China's ancestral turtle sheds light on evolution
HONG KONG (Reuters) - Researchers in China have unearthed fossils of the most primitive turtle to date, a creature with teeth, a fully formed belly shell and a back shell that appeared to be just evolving.
In an article published in Nature, they said the Odontochelys lived about 220 million years ago and their discovery sheds light on one of the biggest mysteries in reptile evolution -- how the shell and body of the turtle developed.
Their discovery displaces the Proganochely, another class of turtle previously thought to be the oldest. With fully formed upper and lower shells, the Proganochely was found in Germany and was 10 million years younger than the Odontochely.

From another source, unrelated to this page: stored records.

(* Under the hypotheses and notation below, the two transformed potentials $$u^{[N]}_0=u+\mathrm{i}\left(\varphi^{(2)\dagger}\mathbf{M}^{-1}\varphi^{(1)}\right)_x$$ and $$u^{[N]}_\infty=\frac{1+2\varphi^{(1)\dagger}\mathbf{\Lambda}^\dagger\mathbf{M}^{-1}\varphi^{(1)}}{1-2\varphi^{(2)\dagger}\mathbf{\Lambda}^\dagger(\mathbf{M}^\dagger)^{-1}\varphi^{(2)}}\,u+\frac{4\varphi^{(2)\dagger}(\mathbf{\Lambda}^{\dagger})^2\mathbf{M}^{-1}\varphi^{(1)}}{1-2\varphi^{(2)\dagger}\mathbf{\Lambda}^\dagger(\mathbf{M}^\dagger)^{-1}\varphi^{(2)}}$$ coincide: $u^{[N]}_0=u^{[N]}_\infty$.
   Context: Let $u\in L^{\infty}\cap C^{\infty}$ be a solution of the DNLS equation $\mathrm{i}u_t+u_{xx}+2\mathrm{i}(|u|^2u)_x=0$. $^*$ denotes complex conjugation, $^\dagger$ conjugate transpose, $\sigma_3=\mathrm{diag}(1,-1)$, $\mathbf{Q}=\begin{pmatrix}0&\mathrm{i}u\\ \mathrm{i}u^*&0\end{pmatrix}$, $\mathbf{U}(\mathbf{Q};\lambda)=-2\mathrm{i}\sigma_3\lambda^2+2\mathbf{Q}\lambda$, $\mathbf{V}(\mathbf{Q};\lambda)=(4\lambda^2+2\mathbf{Q}^2)\mathbf{U}(\mathbf{Q};\lambda)+2\mathrm{i}\sigma_3\mathbf{Q}_x\lambda$. Let $N\ge1$, $\lambda_1,\dots,\lambda_N\in\mathbb{C}$ with $\lambda_j^*\neq\pm\lambda_i$ for all $i,j$, and let $\varphi_i=(\varphi_i^{(1)},\varphi_i^{(2)})^T$ solve $\varphi_x=\mathbf{U}(\mathbf{Q};\lambda_i)\varphi$, $\varphi_t=\mathbf{V}(\mathbf{Q};\lambda_i)\varphi$. Put $\varphi^{(k)}=(\varphi_1^{(k)},\dots,\varphi_N^{(k)})^T$, $\mathbf{\Lambda}=\mathrm{diag}(\lambda_i)$, and $\mathbf{M}_{ij}=\left(\frac{\varphi_j^{\dagger}\varphi_i}{\lambda_j^{*}-\lambda_i}-\frac{\varphi_j^{\dagger}\sigma_3\varphi_i}{\lambda_j^{*}+\lambda_i}\right)\lambda_i\lambda_j^{*}$. Assume $\mathbf{M}$ is invertible and $1-2\varphi^{(2)\dagger}\mathbf{\Lambda}^\dagger(\mathbf{M}^\dagger)^{-1}\varphi^{(2)}\ne0$. *)

From HB Require Import structures.
From mathcomp Require Import all_boot all_order all_algebra.
From mathcomp Require Import all_classical all_reals all_analysis.
From mathcomp Require Import complex.
Set Implicit Arguments. Unset Strict Implicit. Unset Printing Implicit Defensive.
Import Order.TTheory GRing.Theory Num.Theory.
Import numFieldNormedType.Exports.
Local Open Scope ring_scope.
Local Open Scope complex_scope.

Section DNLS.
Variable R : realType.
Notation C := (R[i]).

"What we found (Odontochely) is an intermediate missing link," lead researcher Li Chun at the Chinese Academy of Sciences said in a telephone interview from Beijing.

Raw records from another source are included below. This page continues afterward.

(* In the 3-body problem in ${\bf H}^2$ with masses $m_1,m_2,m_3>0$, fix $z>1$ and $\rho=(z^2-1)^{1/2}$. There exists $\omega\ne0$ such that ${\bf q}_i(t)=(\rho\cos(\omega t+\alpha_i),\rho\sin(\omega t+\alpha_i),z)$ with $\alpha_1=0,\alpha_2=2\pi/3,\alpha_3=4\pi/3$ is a solution of the equations of motion (the equilateral triangle rotating in its own plane $z=$ constant as an elliptic relative equilibrium) if and only if $m_1=m_2=m_3$.
   Context: The $n$-body problem in ${\bf H}^2$ (Weierstrass model): with the Lorentz inner product ${\bf a}\boxdot{\bf b}=a_xb_x+a_yb_y-a_zb_z$ on $\mathbb R^3$, ${\bf H}^2=\{(x,y,z): x^2+y^2-z^2=-1,\ z>0\}$. Bodies of masses $m_1,\dots,m_n>0$ have positions ${\bf q}_i=(x_i,y_i,z_i)\in{\bf H}^2$ and satisfy $$\ddot{\bf q}_i=\sum_{j\ne i}\frac{m_j[{\bf q}_j+({\bf q}_i\boxdot{\bf q}_j){\bf q}_i]}{[({\bf q}_i\boxdot{\bf q}_j)^2-1]^{3/2}}+(\dot{\bf q}_i\boxdot\dot{\bf q}_i){\bf q}_i,\qquad {\bf q}_i\boxdot{\bf q}_i=-1,\ \ {\bf q}_i\boxdot\dot{\bf q}_i=0,$$ $i=1,\dots,n$, defined only for collisionless configurations (${\bf q}_i\ne{\bf q}_j$ for $i\ne j$). *)

From Stdlib Require Import Reals List.
Import ListNotations.
Open Scope R_scope.

Record V3 := mkV3 { vx : R; vy : R; vz : R }.

Definition v0 : V3 := mkV3 0 0 0.
Definition vadd (a b : V3) : V3 := mkV3 (vx a + vx b) (vy a + vy b) (vz a + vz b).
Definition vscale (c : R) (a : V3) : V3 := mkV3 (c * vx a) (c * vy a) (c * vz a).

Definition lor (a b : V3) : R := vx a * vx b + vy a * vy b - vz a * vz b.

Definition force (n : nat) (m : nat -> R) (q : nat -> V3) (i : nat) : V3 :=
  fold_right vadd v0
    (map (fun j => if Nat.eqb j i then v0 else
            vscale (m j / Rpower ((lor (q i) (q j)) ^ 2 - 1) (3 / 2))
                   (vadd (q j) (vscale (lor (q i) (q j)) (q i))))
         (seq 0 n)).

Definition has_deriv (f g : R -> V3) : Prop :=
  forall t, derivable_pt_lim (fun s => vx (f s)) t (vx (g t)) /\
            derivable_pt_lim (fun s => vy (f s)) t (vy (g t)) /\
            derivable_pt_lim (fun s => vz (f s)) t (vz (g t)).

(* q : nat -> R -> V3 (body index, time) is a solution, defined for all t in R,
   of the n-body equations of motion in H^2 (Weierstrass model). *)
Definition is_solution (n : nat) (m : nat -> R) (q : nat -> R -> V3) : Prop :=
  (forall t i j, (i < n)%nat -> (j < n)%nat -> i <> j -> q i t <> q j t) /\
  (forall i, (i < n)%nat ->
     exists v a : R -> V3,
       has_deriv (q i) v /\ has_deriv v a /\
       forall t,
         a t = vadd (force n m (fun j => q j t) i)
                    (vscale (lor (v t) (v t)) (q i t)) /\
         lor (q i t) (q i t) = -1 /\
         lor (q i t) (v t) = 0 /\
         vz (q i t) > 0).

(* Masses of the three bodies (indices 0,1,2 correspond to bodies 1,2,3). *)
Definition mass3 (m1 m2 m3 : R) (i : nat) : R :=
  match i with 0%nat => m1 | 1%nat => m2 | _ => m3 end.

Definition alpha3 (i : nat) : R :=
  match i with 0%nat => 0 | 1%nat => 2 * PI / 3 | _ => 4 * PI / 3 end.

Definition rot_triangle (z w : R) (i : nat) (t : R) : V3 :=
  let rho := sqrt (z ^ 2 - 1) in
  mkV3 (rho * cos (w * t + alpha3 i)) (rho * sin (w * t + alpha3 i)) z.

From Stdlib Require Import Reals Lra Lia List FunctionalExtensionality.
Open Scope R_scope.

(* Along the rotating equilateral triangle every vertex stays on the circle
   z = const of Euclidean radius rho = sqrt (z^2 - 1), and any two distinct
   vertices have the same Lorentz product c = -(3 z^2 - 1)/2, because their
   phases differ by 2pi/3 or 4pi/3.  Hence every mutual force term carries the
   same factor 1/D with D = (c^2 - 1)^(3/2), and the equations of motion
   reduce to algebraic identities in the masses and w.
   - Vertical component: the acceleration has no z-part, which forces
     (M - m_i) z (1 + c) / D + rho^2 w^2 z = 0 for each body (M = total mass);
     since z (1 + c) <> 0, all masses coincide.
   - Conversely, for equal masses mu the planar components also balance, since
     cos and sin of the three phases sum to zero, and everything holds exactly
     when w^2 = 3 mu / D, which has a nonzero solution w. *)

Lemma derivable_pt_lim_phase (w a t : R) :
  derivable_pt_lim (fun s => w * s + a) t w.
Proof.
  pose proof (derivable_pt_lim_plus _ _ t _ _
    (derivable_pt_lim_scal id w t _ (derivable_pt_lim_id t))
    (derivable_pt_lim_const a t)) as H.
  replace (w * 1 + 0) with w in H by ring. exact H.
Qed.

Lemma derivable_pt_lim_cos_phase (A w a t : R) :
  derivable_pt_lim (fun s => A * cos (w * s + a)) t (- A * w * sin (w * t + a)).
Proof.
  replace (- A * w * sin (w * t + a)) with (A * (- sin (w * t + a) * w)) by ring.
  apply derivable_pt_lim_scal.
  exact (derivable_pt_lim_comp _ cos t _ _ (derivable_pt_lim_phase w a t)
           (derivable_pt_lim_cos _)).
Qed.

Lemma derivable_pt_lim_sin_phase (A w a t : R) :
  derivable_pt_lim (fun s => A * sin (w * s + a)) t (A * w * cos (w * t + a)).
Proof.
  replace (A * w * cos (w * t + a)) with (A * (cos (w * t + a) * w)) by ring.
  apply derivable_pt_lim_scal.
  exact (derivable_pt_lim_comp _ sin t _ _ (derivable_pt_lim_phase w a t)
           (derivable_pt_lim_sin _)).
Qed.

Lemma V3_ext (a b : V3) : vx a = vx b -> vy a = vy b -> vz a = vz b -> a = b.
Proof. destruct a, b; cbn; intros; subst; reflexivity. Qed.

Lemma has_deriv_unique (f g1 g2 : R -> V3) :
  has_deriv f g1 -> has_deriv f g2 -> g1 = g2.
Proof.
  intros H1 H2. apply functional_extensionality. intro t.
  destruct (H1 t) as [A1 [B1 C1]], (H2 t) as [A2 [B2 C2]].
  apply V3_ext; eapply uniqueness_limite; eassumption.
Qed.

Lemma cos_2PI3 : cos (2 * PI / 3) = - 1 / 2.
Proof.
  replace (2 * PI / 3) with (PI - PI / 3) by field.
  rewrite Rtrigo_facts.cos_pi_minus, cos_PI3. lra.
Qed.

Lemma cos_4PI3 : cos (4 * PI / 3) = - 1 / 2.
Proof. replace (4 * PI / 3) with (PI / 3 + PI) by field. rewrite neg_cos, cos_PI3. lra. Qed.

Lemma sin_2PI3 : sin (2 * PI / 3) = sin (PI / 3).
Proof. replace (2 * PI / 3) with (PI - PI / 3) by field. apply sin_PI_x. Qed.

Lemma sin_4PI3 : sin (4 * PI / 3) = - sin (PI / 3).
Proof. replace (4 * PI / 3) with (PI / 3 + PI) by field. apply neg_sin. Qed.

Lemma cos_alpha3_diff (i j : nat) : (i < 3)%nat -> (j < 3)%nat -> i <> j ->
  cos (alpha3 i - alpha3 j) = - 1 / 2.
Proof.
  intros Hi Hj Hij.
  destruct i as [|[|[|i]]], j as [|[|[|j]]]; try lia; unfold alpha3;
  [ replace (0 - 2 * PI / 3) with (- (2 * PI / 3)) by ring
  | replace (0 - 4 * PI / 3) with (- (4 * PI / 3)) by ring
  | replace (2 * PI / 3 - 0) with (2 * PI / 3) by ring
  | replace (2 * PI / 3 - 4 * PI / 3) with (- (2 * PI / 3)) by field
  | replace (4 * PI / 3 - 0) with (4 * PI / 3) by ring
  | replace (4 * PI / 3 - 2 * PI / 3) with (2 * PI / 3) by field ];
  rewrite ?cos_neg, ?cos_2PI3, ?cos_4PI3; reflexivity.
Qed.

Lemma sum_cos_alpha3 (th : R) :
  cos (th + alpha3 0) + cos (th + alpha3 1) + cos (th + alpha3 2) = 0.
Proof. unfold alpha3. rewrite !cos_plus, cos_0, sin_0, cos_2PI3, cos_4PI3, sin_2PI3, sin_4PI3. field. Qed.

Lemma sum_sin_alpha3 (th : R) :
  sin (th + alpha3 0) + sin (th + alpha3 1) + sin (th + alpha3 2) = 0.
Proof. unfold alpha3. rewrite !sin_plus, cos_0, sin_0, cos_2PI3, cos_4PI3, sin_2PI3, sin_4PI3. field. Qed.

Definition rho (z : R) : R := sqrt (z ^ 2 - 1).

(* Lorentz product of two distinct vertices, and the resulting force denominator. *)
Definition pair_lor (z : R) : R := - (3 * z ^ 2 - 1) / 2.
Definition pair_denom (z : R) : R := Rpower (pair_lor z ^ 2 - 1) (3 / 2).

Lemma rot_triangle_eq (z w : R) (i : nat) (t : R) :
  rot_triangle z w i t =
  mkV3 (rho z * cos (w * t + alpha3 i)) (rho z * sin (w * t + alpha3 i)) z.
Proof. reflexivity. Qed.

Lemma rho_sq (z : R) : 1 < z -> rho z * rho z = z ^ 2 - 1.
Proof. intros Hz. apply sqrt_sqrt. nra. Qed.

Lemma pair_denom_pos (z : R) : 0 < pair_denom z.
Proof. apply exp_pos. Qed.

Lemma rot_triangle_lor_self (z w : R) (i : nat) (t : R) : 1 < z ->
  lor (rot_triangle z w i t) (rot_triangle z w i t) = -1.
Proof.
  intros Hz. rewrite !rot_triangle_eq. unfold lor; cbn [vx vy vz].
  pose proof (sin2_cos2 (w * t + alpha3 i)) as H. unfold Rsqr in H.
  transitivity (rho z * rho z * (sin (w * t + alpha3 i) * sin (w * t + alpha3 i)
                 + cos (w * t + alpha3 i) * cos (w * t + alpha3 i)) - z * z);
    [ring | rewrite H, rho_sq by exact Hz; ring].
Qed.

Lemma rot_triangle_lor_pair (z w : R) (i j : nat) (t : R) :
  1 < z -> (i < 3)%nat -> (j < 3)%nat -> i <> j ->
  lor (rot_triangle z w i t) (rot_triangle z w j t) = pair_lor z.
Proof.
  intros Hz Hi Hj Hij. rewrite !rot_triangle_eq. unfold lor; cbn [vx vy vz].
  transitivity (rho z * rho z * cos ((w * t + alpha3 i) - (w * t + alpha3 j)) - z * z).
  - rewrite cos_minus. ring.
  - replace (w * t + alpha3 i - (w * t + alpha3 j)) with (alpha3 i - alpha3 j) by ring.
    rewrite cos_alpha3_diff, rho_sq by assumption. unfold pair_lor. field.
Qed.

(* Distinct vertices never collide: their product is not -1 since z > 1. *)
Lemma rot_triangle_distinct (z w t : R) (i j : nat) :
  1 < z -> (i < 3)%nat -> (j < 3)%nat -> i <> j ->
  rot_triangle z w i t <> rot_triangle z w j t.
Proof.
  intros Hz Hi Hj Hij E.
  pose proof (rot_triangle_lor_pair z w i j t Hz Hi Hj Hij) as H.
  rewrite E, rot_triangle_lor_self in H by exact Hz. unfold pair_lor in H. nra.
Qed.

"The German turtle is already very similar to the turtles we know of today. But we had never known how the turtle shell evolved. It couldn't have just appeared suddenly."
From the three Odontochely fossils discovered in China, Li said it was clear the turtle first developed the plastron, or the lower shell that encases the belly, before getting its upper shell, or the carapace.

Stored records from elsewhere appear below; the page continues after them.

Lemma scaled_minor_limits :
  tends0 mu1 (taylor_minor m2 m3) /\ tends0 mu2 (- taylor_minor m1 m3) /\
  tends0 mu3 (taylor_minor m1 m2).
Proof.
  destruct (coord_limits 1) as [LX1 [LY1 LZ1]], (coord_limits 2) as [LX2 [LY2 LZ2]].
  unfold taylor_minor. repeat split; (eapply tends0_eq; [apply tends0_minus; apply tends0_mult; eauto|]);
    ring.
Qed.

Lemma eventually_nondegenerate : exists d, 0 < d /\ d <= t1 - t0 /\
  forall h, 0 < h < d -> 0 < mu1 h /\ 0 < scaled Z m3 1 h.
Proof.
  destruct (tends0_eventually_pos _ _ (proj1 scaled_minor_limits)
                                  (taylor_minor_pos m2 m3 ltac:(lia) H23))
    as [dA [HdA EA]].
  destruct (tends0_eventually_pos _ _ (proj2 (proj2 (coord_limits 1))) (taylor_coef_1_pos m3 ltac:(lia)))
    as [dB [HdB EB]].
  exists (Rmin (t1 - t0) (Rmin dA dB)). pose proof (Rmin_l (t1 - t0) (Rmin dA dB)).
  pose proof (Rmin_r (t1 - t0) (Rmin dA dB)); pose proof (Rmin_l dA dB); pose proof (Rmin_r dA dB).
  repeat split; [repeat apply Rmin_pos; lra | lra | apply EA; lra | apply EB; lra].
Qed.

Lemma alpha_p_base : alpha_p c t0 = vscale (/ vnorm e1) e1.
Proof.
  set (w h := comb e1 e2 e3 (scaled X m1 1 h) (scaled Y m2 1 h * (h ^ m2 / h ^ m1))
                             (scaled Z m3 1 h * (h ^ m3 / h ^ m1))).
  assert (Hq := taylor_coef_1_pos m1 Hm1).
  assert (Hw : vtends0 w (vscale (taylor_coef m1 1) e1)).
  { rewrite <- (comb_x00 e1 e2 e3). destruct (coord_limits 1) as [LX [LY LZ]].
    apply vtends0_comb; auto;
      (eapply tends0_eq; [apply tends0_mult; [eauto | apply tends0_pow_ratio; lia]|]);
      ring. }
  unfold alpha_p. rewrite <- (normalize_scale (taylor_coef m1 1) e1) by (auto; lra).
  apply (rlim_normalized _ _ w); [exact Hw | apply vscale_nz; auto; lra|].
  exists (t1 - t0); split; [lra|]. intros h Hh.
  assert (forall m, 0 < h ^ m) by (intros; apply pow_lt; lra).
  assert (forall m, h ^ m <> 0) by (intros; apply pow_nonzero; lra).
  assert (0 < h / h ^ m1) by (apply Rdiv_lt_0_compat; auto; lra).
  replace (w h) with (vscale (h / h ^ m1) (Defs.d1 c (t0 + h))).
  - unfold alpha. rewrite normalize_scale; auto. apply Hreg; lra.
  - rewrite <- (jet1 c t0), jet_coords, scale_comb. unfold w, scaled.
    f_equal; simpl; field; repeat split; auto; lra.
Qed.

Lemma gamma_p_base : gamma_p c t0 = vscale (/ vnorm f3) f3.
Proof.
  set (w h := comb f1 f2 f3 (mu1 h * (h ^ m3 / h ^ m1)) (mu2 h * (h ^ m3 / h ^ m2)) (mu3 h)).
  assert (Hq := taylor_minor_pos m1 m2 Hm1 H12).
  assert (Hw : vtends0 w (vscale (taylor_minor m1 m2) f3)).
  { rewrite <- (comb_00 f1 f2 f3). destruct scaled_minor_limits as [L1 [L2 L3]].
    apply vtends0_comb; auto;
      (eapply tends0_eq; [apply tends0_mult; [eauto | apply tends0_pow_ratio; lia]|]);
      ring. }
  unfold gamma_p. rewrite <- (normalize_scale (taylor_minor m1 m2) f3) by (auto; lra).
  apply (rlim_normalized _ _ w); [exact Hw | apply vscale_nz; auto; lra|].
  exists (t1 - t0); split; [lra|]. intros h Hh.
  assert (forall m, 0 < h ^ m) by (intros; apply pow_lt; lra).
  assert (forall m, h ^ m <> 0) by (intros; apply pow_nonzero; lra).
  assert (0 < h ^ 3 / (h ^ m1 * h ^ m2))
    by (apply Rdiv_lt_0_compat; auto; apply Rmult_lt_0_compat; auto).
  replace (w h) with
    (vscale (h ^ 3 / (h ^ m1 * h ^ m2)) (cross (Defs.d1 c (t0 + h)) (Defs.d2 c (t0 + h)))).
  - unfold gamma. rewrite normalize_scale; auto. apply Hreg; lra.
  - destruct (scaled_minors h ltac:(lra)) as [E1 [E2 E3]].
    rewrite cross_coords, scale_comb. unfold w. rewrite E1, E2, E3.
    f_equal; field; repeat split; auto.
Qed.

(** The first inner vertex lies on the right tangent at [t0], at the signed
    distance [lam h] from [r(t0)]; the powers of [h] make its vanishing visible. *)
Definition lam (h : R) : R :=
  vnorm e1 * h ^ m1 *
  (scaled X m1 0 h + scaled Y m2 0 h * mu2 h / mu1 h + scaled Z m3 0 h * mu3 h / mu1 h).

Lemma tet_v1_offset h : 0 < h <= t1 - t0 -> 0 < mu1 h ->
  vsub (tet_v1 c t0 (t0 + h)) (pt c t0) = vscale (lam h) (vscale (/ vnorm e1) e1).
Proof.
  intros Hh Hmu. set (t := t0 + h). destruct (Hreg t ltac:(unfold t; lra)) as [Hr1 Hr2].
  assert (Hp : forall m, h ^ m <> 0) by (intros; apply pow_nonzero; lra).
  destruct (scaled_minors h ltac:(lra)) as [E1 [E2 E3]].
  assert (Hm : minor1 t <> 0) by (intro E; rewrite E1 in Hmu; fold t in Hmu; rewrite E in Hmu;
                                  unfold Rdiv in Hmu; lra).
  pose proof (vnorm_pos e1 Hne1). pose proof (vnorm_pos _ Hr2) as HC. rewrite cross_coords in HC.
  unfold tet_v1, in_L.
  rewrite alpha_p_base, gamma_p_base, (gamma_m_regular c t0 t1) by (auto; unfold t; lra).
  unfold gamma. rewrite tet_vertex_offset.
  - f_equal. rewrite !dot_scale_l, !dot_scale_r, <- (jet0 c t0), jet_coords, cross_coords.
    unfold f1, f2, f3 in HC |- *. rewrite dot_comb_dual, dot_e1_dual.
    unfold lam. rewrite E1, E2, E3. unfold scaled. fold t. simpl. field.
    repeat split; auto; apply Rgt_not_eq; lra.
  - rewrite dot_scale_l, dot_scale_r. unfold f3. rewrite dot_self_cross. ring.
  - rewrite dot_scale_l, dot_scale_r, cross_coords. unfold f1, f2, f3 in HC |- *. rewrite dot_e1_dual.
    repeat apply Rmult_integral_contrapositive_currified; auto;
      apply Rinv_neq_0_compat, Rgt_not_eq; lra.
Qed.

(** The second inner vertex lies on the tangent at [t], at a distance
    proportional to [Z (t) / Z' (t)], which is of order [h]. *)
Lemma tet_v2_offset h : 0 < h <= t1 - t0 -> 0 < scaled Z m3 1 h ->
  vsub (tet_v2 c t0 (t0 + h)) (pt c (t0 + h)) =
  vscale (- (h * scaled Z m3 0 h / scaled Z m3 1 h)) (Defs.d1 c (t0 + h)).
Proof.
  intros Hh HZ. set (t := t0 + h). destruct (Hreg t ltac:(unfold t; lra)) as [Hr1 Hr2].
  assert (Hp : forall m, h ^ m <> 0) by (intros; apply pow_nonzero; lra).
  assert (HZ1 : Z 1 t <> 0) by (intro E; unfold scaled in HZ; fold t in HZ; rewrite E in HZ;
                                 unfold Rdiv in HZ; lra).
  pose proof (vnorm_pos f3 Hne2) as HF. unfold f3 in HF.
  pose proof (vnorm_pos _ Hr1) as HN. rewrite <- (jet1 c t0), jet_coords in HN.
  unfold tet_v2, in_L. rewrite (alpha_m_regular c t0 t1), gamma_p_base, (gamma_m_regular c t0 t1)
    by (auto; unfold t; lra).
  unfold alpha, gamma. rewrite tet_vertex_offset'.
  - rewrite vscale_vscale. f_equal.
    rewrite vsub_swap, <- (jet0 c t0), <- (jet1 c t0), !dot_scale_l, !dot_scale_r, !jet_coords.
    unfold f3. rewrite !dot_comb_f3. unfold scaled. fold t. simpl.
    field. repeat split; auto; apply Rgt_not_eq; lra.
  - rewrite dot_scale_l, dot_scale_r, dot_self_cross. ring.
  - rewrite dot_scale_l, dot_scale_r, <- (jet1 c t0), jet_coords. unfold f3. rewrite dot_comb_f3.
    repeat apply Rmult_integral_contrapositive_currified; auto;
      apply Rinv_neq_0_compat, Rgt_not_eq; lra.
Qed.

"The plastron developed first and after it was fully formed, then the carapace developed," he said.
The fossils were uncovered in marine deposits in the Nanpanjiang Trough Basin in China's southern Guizhou province. Two of the fossils were complete.
Li said the three fossils, two between 20 and 30 cm and the third about 40 cm showed early evolvement of the carapace.
"They had neural plates, which is the part that develops first on the back shell," he said.
Li said the creatures were meat eaters.
"They were aquatic animals but we cannot be certain if they were freshwater or saltwater."